Fixing Science using the internet

It seems that some out there, like the All Results Journals, are on a crusade to “fix” science. The debate has begun and there are countless examples out there in the blogosphere.

Our first example comes from the blogs over at Discover magazine. Rhazib Khan, who has an excellent blog that you should bookmark, points out the problem with publication bias. Not just rife in the social science, or “any science that uses statistics”, but it is rife in all forms of science. Simply because no one gets rewarded for failure - or perceived failure. To this, there is a simple answer - to put these perceived failures on the same level as “positive” results.

Our second way to fix science is the way we publish. More specifically, filtering. You can read the original manifesto here. Essentially the problem, as he puts it, comes down to the peer review system. Now, we can debate all day the merits of the peer review system. It's not without its faults. He names some, which are quite pertinent to the debate. But getting rid of it all together seems a little bit extreme. Plus the fact that the primary reason we publish what we publish in the way we do is to do exactly what he doesn't like. Filter. Publication via peer review means the science you have done is of a suitable standard for the scientific community at large to critique or use as the basis for their research. A post publication filter makes very little sense. Especially if we're going to use social media as the delivery format.

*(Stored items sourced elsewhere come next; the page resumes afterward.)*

(* Let $k$ be a field, $X,Y$ indeterminates, $M=Yk(X)[[Y]]$ and $R=k+M$. Then $R$ is integrally closed, but $R$ does not have the finite $t$-basic ideal property: for the finitely generated ideal $I=Y(k+kX+M)=(Y,XY)R$ and $J=YR\subseteq I$, one has $(JI)_t=(I^2)_t$ while $J_t=YR\ne M=I_t$.
   Context: For a domain $R$ with quotient field $K$ and nonzero fractional ideal $I$: $I^{-1}=(R:I)=\{x\in K:xI\subseteq R\}$, $I_v=(I^{-1})^{-1}$, $I_t=\bigcup J_v$ over finitely generated subideals $J\subseteq I$. For a nonzero ideal $I$, an ideal $J\subseteq I$ is a $t$-reduction of $I$ if $(JI^n)_t=(I^{n+1})_t$ for some integer $n\ge0$; $I$ is $t$-basic if every $t$-reduction $J$ of $I$ satisfies $J_t=I_t$. The finite $t$-basic ideal property means every nonzero finitely generated ideal is $t$-basic. *)

From HB Require Import structures.
From mathcomp Require Import all_boot all_order all_algebra.
From mathcomp Require Import fraction.
From Stdlib Require List.

Set Implicit Arguments. Unset Strict Implicit. Unset Printing Implicit Defensive.
Import GRing.Theory.
Local Open Scope ring_scope.

(* Generic part: an ambient "field" K (only its operations are used)   *)
Record rawRing := RawRing {
  rcarrier :> Type;
  radd : rcarrier -> rcarrier -> rcarrier;
  rmul : rcarrier -> rcarrier -> rcarrier;
  rzero : rcarrier;
  rone : rcarrier }.

Section StarOps.
Variables (K : rawRing) (R : K -> Prop).

Definition subsetK (A B : K -> Prop) := forall x, A x -> B x.
Definition eqsetK (A B : K -> Prop) := forall x, A x <-> B x.

Definition is_ideal (I : K -> Prop) :=
  [/\ subsetK I R, I (rzero K),
      (forall x y, I x -> I y -> I (radd x y)) &
      (forall r x, R r -> I x -> I (rmul r x))].

Definition nonzero_set (I : K -> Prop) := exists x, I x /\ x <> rzero K.

Fixpoint Rspan (s : list K) (x : K) : Prop :=
  match s with
  | nil => x = rzero K
  | a :: s' => exists r y, R r /\ Rspan s' y /\ x = radd (rmul r a) y
  end.

Definition fingen (J : K -> Prop) := exists s : list K, eqsetK J (Rspan s).

Definition colon (I : K -> Prop) : K -> Prop :=
  fun x => forall i, I i -> R (rmul x i).
Definition inv_ideal (I : K -> Prop) := colon I.
Definition vcl (I : K -> Prop) : K -> Prop := colon (colon I).
Definition tcl (I : K -> Prop) : K -> Prop :=
  fun x => exists J, [/\ fingen J, subsetK J I & vcl J x].

Inductive fsum (P : K -> Prop) : K -> Prop :=
  | fsum0 : fsum P (rzero K)
  | fsumS a y : P a -> fsum P y -> fsum P (radd a y).

Definition prodI (I J : K -> Prop) : K -> Prop :=
  fsum (fun z => exists a b, [/\ I a, J b & z = rmul a b]).

Fixpoint powI (I : K -> Prop) (n : nat) : K -> Prop :=
  match n with
  | O => R
  | S n' => prodI (powI I n') I
  end.

Definition t_reduction (J I : K -> Prop) :=
  is_ideal J /\ subsetK J I /\
  exists n : nat, eqsetK (tcl (prodI J (powI I n))) (tcl (powI I n.+1)).

Definition t_basic (I : K -> Prop) :=
  forall J, t_reduction J I -> eqsetK (tcl J) (tcl I).

Definition finite_t_basic_property :=
  forall I, is_ideal I -> nonzero_set I -> fingen I -> t_basic I.

(* value at x of the monic polynomial X^n + c_{n-1} X^{n-1} + ... + c_0,
   where cs = [c_0; ...; c_{n-1}] (Horner scheme) *)
Definition monic_eval (cs : list K) (x : K) : K :=
  foldr (fun c acc => radd c (rmul x acc)) (rone K) cs.

Definition integral_over (x : K) :=
  exists cs : list K, (forall c, List.In c cs -> R c) /\ monic_eval cs x = rzero K.

Definition integrally_closed := forall x : K, integral_over x -> R x.

End StarOps.

Section Series.
Variable F : fieldType.

Definition ps := nat -> F.
Definition ps_add (a b : ps) : ps := fun n => a n + b n.
Definition ps_mul (a b : ps) : ps :=
  fun n => \sum_(i < n.+1) a i * b (n - i)%N.
Definition ps_shift (a : ps) : ps := fun n => a n.+1.           (* a / Y, when a 0 = 0 *)
Definition ps_Ypow (m : nat) (a : ps) : ps :=
  fun n => if (m <= n)%N then a (n - m)%N else 0.
Definition ps_const (c : F) : ps := fun n => if n == 0%N then c else 0.

(* Laurent series a / Y^n, in normal form: n = 0 or a(0) <> 0 *)
Record laur := Laur {
  lden : nat;
  lnum : ps;
  lnormal : (lden == 0%N) || (lnum 0%N != 0) }.

Fixpoint normp (n : nat) (a : ps) : nat * ps :=
  match n with
  | O => (O, a)
  | S n' => if a 0%N == 0 then normp n' (ps_shift a) else (S n', a)
  end.

Lemma normp_ok n a : ((normp n a).1 == 0%N) || ((normp n a).2 0%N != 0).
Proof.
elim: n a => [|n IH] a //=.
by case: ifP => [_|->]; [apply: IH | rewrite orbT].
Qed.

Definition mkL (n : nat) (a : ps) : laur := Laur (normp_ok n a).

Definition laur_add (x y : laur) : laur :=
  mkL (lden x + lden y) (ps_add (ps_Ypow (lden y) (lnum x)) (ps_Ypow (lden x) (lnum y))).
Definition laur_mul (x y : laur) : laur :=
  mkL (lden x + lden y) (ps_mul (lnum x) (lnum y)).
Definition of_ps (a : ps) : laur := mkL 0 a.
Definition laur0 : laur := of_ps (ps_const 0).
Definition laur1 : laur := of_ps (ps_const 1).

Definition LaurRing : rawRing := RawRing laur_add laur_mul laur0 laur1.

He goes on to equate the two different forms of filtering (post- and pre- publication) to the difference between free markets and Soviet central planning. Is a free market publication system on the internet really a good idea? Because we all know the most popular things on the internet are the ones which are most important.

Prof Orzel over at Science Blogs doesn’t seem to think that filtering is the problem. Where ever you put the filter you’ll still need a form of “metric” to count a scientists worth. Something we’ve discussed on here before. However, he hit on something interesting when he referred to the “minimum publishable unit”:

“the lack of a referee-imposed threshold and the ease of publication would seem to encourage more incomplete publication, rather than less.”

This is true. Setting the barrier lower for publication - as publishing on a blog would do - would indeed lead to incomplete studies. But that’s not the interesting part. The interesting part is how it relates to publishing negative results. Often the reason why a study doesn’t make publication is because the results don’t really come out in a positive light. That is to say, the story formed at the end isn’t really cohesive in terms of you did not prove what you set out to do. You put the work in a drawer and hope to go back to it at a later date once you have enough data to show it in a positive light. The minimum publishable unit doesn’t exist with negative results. Perhaps some see a system that allows publication of negative results as a dumping ground for loose threads and ill-conceived ideas. That’s a common critique of “negative” results. But this is a misconception. The bar for the minimum publishable unit is not lowered with negative results, simply shifted.